# Dog ate raw chicken thigh, vomiting since?



## PoodlePowerBC (Feb 25, 2011)

Is this happening in the morning? Russell used to have morning "hunger Pukes" in the morning when he was kibble fed. Vet recommended giving him a small handful of kibble at night so his stomach had something to work on. Worked for him. Completely stopped when I started him on PMR


----------



## My babies (Aug 14, 2012)

Gucci did that when he was younger. Vet recommended feeding him some food before bed and it worked. He still does this in the morning probably once a month due to food that wasn't digested completely.


----------



## CT Girl (Nov 17, 2010)

I don't think it is an issue with the chicken. If it was tainted it would not still be affecting him a week or two later. It sounds like bile. I would give him a snack before bedtime.


----------



## AngelsMommy (Nov 3, 2012)

My Angel does this if she drinks her water too fast.
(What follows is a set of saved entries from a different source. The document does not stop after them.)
Lemma supersolution_super p : in_quadrant p = true ->
  delta t p + /2 * neighbour_sum (steps up) supersolution p <= supersolution p.
Proof.
  intros Hp. rewrite neighbour_sum_steps, supersolution_horizontal by exact Hp.
  pose proof growth_ge_1. pose proof (pos_INR k).
  set (w := level_weight (level p)).
  assert (Hw : 0 <= w) by apply level_weight_nonneg.
  assert (Hup : neighbour_sum up supersolution p <=
                INR (length up) * (w * (INR k + 1) ^ 2 / growth)).
  { apply neighbour_sum_le_length; [|intros s Hs _; apply supersolution_raise; assumption].
    apply Rmult_le_pos; [apply Rmult_le_pos; [exact Hw | apply pow_le; lra]|].
    apply Rlt_le, Rinv_0_lt_compat; lra. }
  assert (Hup_le_w : INR (length up) * (w * (INR k + 1) ^ 2 / growth) <= w).
  { replace (INR (length up) * (w * (INR k + 1) ^ 2 / growth))
      with (w * (INR (length up) * (INR k + 1) ^ 2) / growth) by (field; lra).
    apply Rle_div_l; [lra|]. apply Rmult_le_compat_l; [lra|]. unfold growth. lra. }
  pose proof (delta_le_level_weight p) as Hdelta. fold w in Hdelta. lra.
Qed.

Lemma gf_converges p : in_quadrant p = true -> ex_series (gf_term (steps up) t p).
Proof.
  intros Hp. apply (ex_series_nonneg_bounded _ (supersolution p)); [apply gf_term_nonneg|].
  intros N.
  apply gf_partial_sums_le_supersolution; auto using supersolution_nonneg, supersolution_super.
Qed.

Lemma gf_steps_fixed_point p :
  gf (steps up) t p = delta t p + /2 * neighbour_sum (steps up) (gf (steps up) t) p.
Proof. apply gf_fixed_point, gf_converges. Qed.
Lemma lifted_balls_kiss m c1 c2 : (1 <= m)%coq_nat -> inR m c1 -> inR m c2 ->
  dist2 m c1 c2 = 4 -> kiss (S m) (DBall c1 1) (DBall c2 1).
Proof.
  intros Hm H1 H2 HD. split; [apply lifted_balls_tangent; auto|].
  rewrite dball_disjoint_iff Rmult_1_r equal_balls_disjoint; try (apply inR_S); auto.
  rewrite dist2_lift; auto. lra.
Qed.

(* The half-space {sg x_m <= -1} of R^(m+1); for sg = 1, -1 these are the two
   half-spaces {x_m <= -1} and {x_m >= 1} bounding the slab around R^m. *)
Definition en (n : nat) : pt := fun i => if Nat.eqb i n then 1 else 0.
Definition slab_side m (sg : R) : dball := DHalf (fun j => sg * en m j) (-1).

Lemma en_m m : en m m = 1.
Proof. unfold en; rewrite Nat.eqb_refl; auto. Qed.

Lemma en_inR m : inR (S m) (en m).
Proof. intros i Hi. unfold en. destruct (Nat.eqb_spec i m); [lia|auto]. Qed.

Lemma dot_en n x : dot (S n) x (en n) = x n.
Proof.
  unfold dot; simpl. rewrite (@sumR_ext n _ (fun _ => 0)).
  - rewrite en_m sumR_zero. ring.
  - intros i Hi. unfold en. destruct (Nat.eqb_spec i n); [lia|ring].
Qed.

Lemma slab_side_dot m sg x : dot (S m) (fun j => sg * en m j) x = sg * x m.
Proof. rewrite (@dot_propl (S m) x (en m) (fun j => sg * en m j) sg) // dot_sym dot_en //. Qed.

Lemma slab_side_valid m sg : sg <> 0 -> valid_dball (S m) (slab_side m sg).
Proof.
  intros H. split; [intros i Hi; rewrite en_inR; auto; ring|].
  exists m. split; [lia|]. rewrite en_m Rmult_1_r; auto.
Qed.

(* The two sides of the slab kiss at infinity. *)
Lemma slab_sides_kiss m : kiss (S m) (slab_side m 1) (slab_side m (-1)).
Proof.
  split.
  - exists None; simpl; split; auto; split; auto.
    intros [x|] Q1 Q2; [|reflexivity]. destruct Q1 as [_ Q1]; destruct Q2 as [_ Q2].
    rewrite !slab_side_dot in Q1 Q2. lra.
  - intros [x|] [Q1 Q2]; simpl in *; [|auto]. destruct Q1 as [_ Q1]; destruct Q2 as [_ Q2].
    rewrite !slab_side_dot in Q1 Q2. lra.
Qed.
Definition kempty : kset n k := [ffun _ => set0].

Definition kadd (X : kset n k) (q : 'I_k) (i : 'I_n) : kset n k :=
  [ffun r => if r == q then i |: X r else X r].

Definition rho (f : kset n k -> R) (q : 'I_k) (i : 'I_n) (X : kset n k) : R :=
  f (kadd X q i) - f X.

(* x in the attacker's feasible set: x_q = {i | x_{q,i} = 1} *)
Definition attacker_feasible (A : 'I_k -> nat) (x : kset n k) : bool :=
  disj x && [forall q, #|x q| <= A q]%N.

Definition defender_feasible (D : 'I_k -> nat) (x S : kset n k) : bool :=
  disj S && [forall q, [disjoint S q & x q] && (#|S q| <= D q)%N].

(* Phi_D(x) = max of f over defender-feasible S (kempty is always feasible) *)
Definition PhiD (f : kset n k -> R) (D : 'I_k -> nat) (x : kset n k) : R :=
  \big[Num.max/f kempty]_(S : kset n k | defender_feasible D x S) f S.

Definition xv (x : kset n k) (q : 'I_k) (i : 'I_n) : R := (i \in x q)%:R.

(* Given the ordering s of S_q and i = i_{q,t} in s, this is S_{q,(t)}:
   components r<q are S_r, component q is {i_{q,1},..,i_{q,t-1}}, others empty. *)
Definition Sprefix (S : kset n k) (q : 'I_k) (s : seq 'I_n) (i : 'I_n) : kset n k :=
  [ffun r : 'I_k => if (r < q)%N then S r
                    else if r == q then [set y in take (index i s) s] else set0].

End Defs.

(** With the attacked elements removed, the defender's solution [S] stays
    feasible against [x], so [Phi_D(x) >= f(S \ x)] while [Phi_D(xhat) = f S].
    Build [S] and [S \ x] side by side, element by element in the given order.
    Adding an attacked element to [S] only widens the gap [f S - f (S \ x)] by
    exactly [rho_{q,i}(S_{q,(t)})]; adding an unattacked element to both does
    not widen it, by diminishing returns, which k-submodularity gives by
    meeting and joining [X + (q,i)] with [Y] for [X] below [Y].  Diminishing
    returns against the empty tuple gives the second bound. *)
From mathcomp Require Import all_boot all_order all_algebra.
From mathcomp Require Import lra.
Set Implicit Arguments. Unset Strict Implicit. Unset Printing Implicit Defensive.
Import Order.TTheory GRing.Theory Num.Theory.
Local Open Scope ring_scope.

Section KSets.
Variables n k : nat.
Implicit Types (X Y B : kset n k) (q r : 'I_k) (i : 'I_n) (T : {set 'I_n}).

Lemma disjP X : reflect (forall q r i, i \in X q -> i \in X r -> q = r) (disj X).
Proof.
apply: (iffP forallP) => [dX q r i iq ir | dX q].
- apply/eqP/negPn/negP => /(implyP (forallP (dX q) r)) /disjointFr /(_ iq).
  by rewrite ir.
- apply/forallP => r; apply/implyP => neq_qr; apply/pred0P => i /=.
  by apply/negbTE/andP => -[/dX iq /iq eq_qr]; rewrite eq_qr eqxx in neq_qr.
Qed.

Lemma ksubP X Y : reflect (forall q, {subset X q <= Y q}) (ksub X Y).
Proof. by apply: (iffP forallP) => sXY q; apply/subsetP. Qed.

Lemma disj_ksub X Y : ksub X Y -> disj Y -> disj X.
Proof. by move=> /ksubP sXY /disjP dY; apply/disjP => q r i /sXY iq /sXY; apply: dY. Qed.

Lemma kempty_ksub X : ksub (kempty n k) X.
Proof. by apply/ksubP => q i; rewrite ffunE inE. Qed.

Lemma disj_kadd B q i : disj B -> (forall r, i \notin B r) -> disj (kadd B q i).
Proof.
move=> /disjP dB iNB; apply/disjP => r s j.
have kaddP r' j' : j' \in kadd B q i r' -> (r' = q /\ j' = i) \/ j' \in B r'.
  by rewrite ffunE; case: eqP => [->|_]; rewrite ?in_setU1; [case/predU1P; auto | auto].
case/kaddP => [[-> ->]|jr]; case/kaddP => [[-> eq_ji]|js] //.
- by rewrite (negbTE (iNB s)) in js.
- by move: jr; rewrite eq_ji (negbTE (iNB r)).
- exact: dB jr js.
Qed.

Lemma ksub_trans Y X Z : ksub X Y -> ksub Y Z -> ksub X Z.
Proof. by move=> /ksubP sXY /ksubP sYZ; apply/ksubP => q i /sXY /sYZ. Qed.

Lemma ksub_kadd B q i : ksub B (kadd B q i).
Proof. by apply/ksubP => r j; rewrite ffunE; case: eqP => // _ jB; rewrite in_setU1 jB orbT. Qed.

Lemma ksub_kadd2 X Y q i : ksub X Y -> ksub (kadd X q i) (kadd Y q i).
Proof.
move=> /ksubP sXY; apply/ksubP => r j; rewrite !ffunE.
case: eqP => _; last exact: sXY.
by rewrite !in_setU1 => /predU1P[->|/sXY ->]; rewrite ?eqxx ?orbT.
Qed.

Lemma kjoin_disj X Y :
  disj [ffun r => X r :|: Y r] -> kjoin X Y = [ffun r => X r :|: Y r].
Proof.
move=> /disjP dXY; apply/ffunP => r; rewrite !ffunE; apply/setP => i.
rewrite in_setD andbC; case iXY: (i \in _) => //=.
apply/bigcupP => -[s neq_sr iXYs].
by have eq_sr := dXY s r i; rewrite !ffunE in eq_sr; rewrite eq_sr ?eqxx in neq_sr.
Qed.

Definition kput B q T : kset n k :=
  [ffun r => if r == q then B q :|: T else B r].

Lemma kput_set0 B q : kput B q set0 = B.
Proof. by apply/ffunP => r; rewrite !ffunE; case: eqP => [->|]; rewrite ?setU0. Qed.

Lemma kputU1 B q i T : kput B q (i |: T) = kput (kadd B q i) q T.
Proof. by apply/ffunP => r; rewrite !ffunE; case: eqP => // _; rewrite eqxx setUA [i |: _]setUC. Qed.

Definition kdiff X Y : kset n k := [ffun r => X r :\: Y r].

Definition ktrunc X (m : nat) : kset n k :=
  [ffun r : 'I_k => if (r < m)%N then X r else set0].

Lemma kdiff_ksub X Y : ksub (kdiff X Y) X.
Proof. by apply/ksubP => q i; rewrite ffunE inE => /andP[]. Qed.

Lemma ktrunc_ksub X m : ksub (ktrunc X m) X.
Proof. by apply/ksubP => q i; rewrite ffunE; case: ifP; rewrite ?inE. Qed.

Lemma ksub_ktrunc X Y m : ksub X Y -> ksub (ktrunc X m) (ktrunc Y m).
Proof. by move=> /ksubP sXY; apply/ksubP => q i; rewrite !ffunE; case: ifP => // _ /sXY. Qed.

Lemma ktrunc0 X : ktrunc X 0 = kempty n k.
Proof. by apply/ffunP => r; rewrite !ffunE. Qed.

Lemma ktrunc_all X : ktrunc X k = X.
Proof. by apply/ffunP => r; rewrite ffunE ltn_ord. Qed.

Lemma ktruncS X q : ktrunc X q.+1 = kput (ktrunc X q) q (X q).
Proof.
apply/ffunP => r; rewrite !ffunE ltnS leq_eqVlt -val_eqE /=.
by case: (ltngtP r q) => // /val_inj ->; rewrite ltnn set0U.
Qed.

Lemma SprefixE X q s i :
  Sprefix X q s i = kput (ktrunc X q) q [set y in take (index i s) s].
Proof.
apply/ffunP => r; rewrite !ffunE -val_eqE /=.
by case: (ltngtP r q) => // _; rewrite ltnn set0U.
Qed.

Lemma Sprefix_ksub X q s i : {subset s <= X q} -> ksub (Sprefix X q s i) X.
Proof.
move=> sX; apply/ksubP => r j; rewrite ffunE.
case: ifP => // _; case: eqP => [->|_]; rewrite inE // => /mem_take; exact: sX.
Qed.

End KSets.

Section KSubmodular.
Variables (n k : nat) (R : realFieldType) (f : kset n k -> R).
Hypothesis f_ksubmod : k_submodular f.
Implicit Types (X Y B : kset n k) (q r : 'I_k) (i : 'I_n).

Lemma rho_antimono X Y q i :
  disj Y -> ksub X Y -> (forall r, i \notin Y r) -> rho f q i Y <= rho f q i X.
Proof.
move=> dY sXY iNY.
have sXYr r : X r \subset Y r by apply: (forallP sXY).
have iNX r : i \notin X r by apply: contra (iNY r); apply/subsetP.
have join_eq : [ffun r => kadd X q i r :|: Y r] = kadd Y q i.
  by apply/ffunP => r; rewrite !ffunE; case: eqP => _; rewrite -?setUA (setUidPr (sXYr r)).
have meet_eq : kmeet (kadd X q i) Y = X.
  apply/ffunP => r; rewrite !ffunE; case: eqP => [->|_]; last exact/setIidPl.
  rewrite setIUl (setIidPl (sXYr q)) -[RHS]set0U; congr (_ :|: _).
  by apply/setP => j; rewrite !inE; case: eqP => // ->; rewrite (negbTE (iNY q)).
have := f_ksubmod (disj_kadd q (disj_ksub sXY dY) iNX) dY.
rewrite kjoin_disj join_eq ?meet_eq; last exact: disj_kadd.
by rewrite /rho; lra.
Qed.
Do you think that could be part of the issue? My experience with hunger vomits have all had a yellow color to them and most often foamy. I hope you get it figured out and your baby is all better soon.


----------



## Fluffyspoos (Aug 11, 2009)

I heard you don't want to try thighs first because it has a poor bone to meat ratio, but that would explain loose stool better than vomiting.. hm.. maybe some of the raw feeders can suggest something.


----------



## CT Girl (Nov 17, 2010)

I have fed raw thigh occassionally after a high bone content day. No vomiting issue. I agree loose stools would be more of an issue because of the ratio. When I was transitioning to raw Swizzle would have kibble and raw with no issues( morning meal kibble, evening meal raw). I doubt that is the problem. I will be interested to hear what your vet says. Mostly are very anti raw.


----------



## poodle lover22 (Mar 17, 2011)

Yup, he is anti raw too. He doesn't want either of the dogs eating the commercial raw. He has Sam on low fat gastro intestinal royal canin food (...I know). Anyone want to guess the first ingredient? He has also sent home a "broad spectrum dewormer" as a preventative. On top of that, the dogs will be in the care of a vet tech for 6 days (not for a while but...). Which I am not saying is a problem, she will know how to give his meds and can tell the vet how he is doing. (Sam has also had seizures in the past so he is also on meds for that- has been for almost a year now but thats a story for another day...). The vet doesn't think that the raw is the problem however with all of its risks he wants us to stop feeding it. He doesn't believe that it is a blockage or anything like that, but rather just his stomach. It wouldn't make sense that it is a blockage as everything is fine except for the vomiting. 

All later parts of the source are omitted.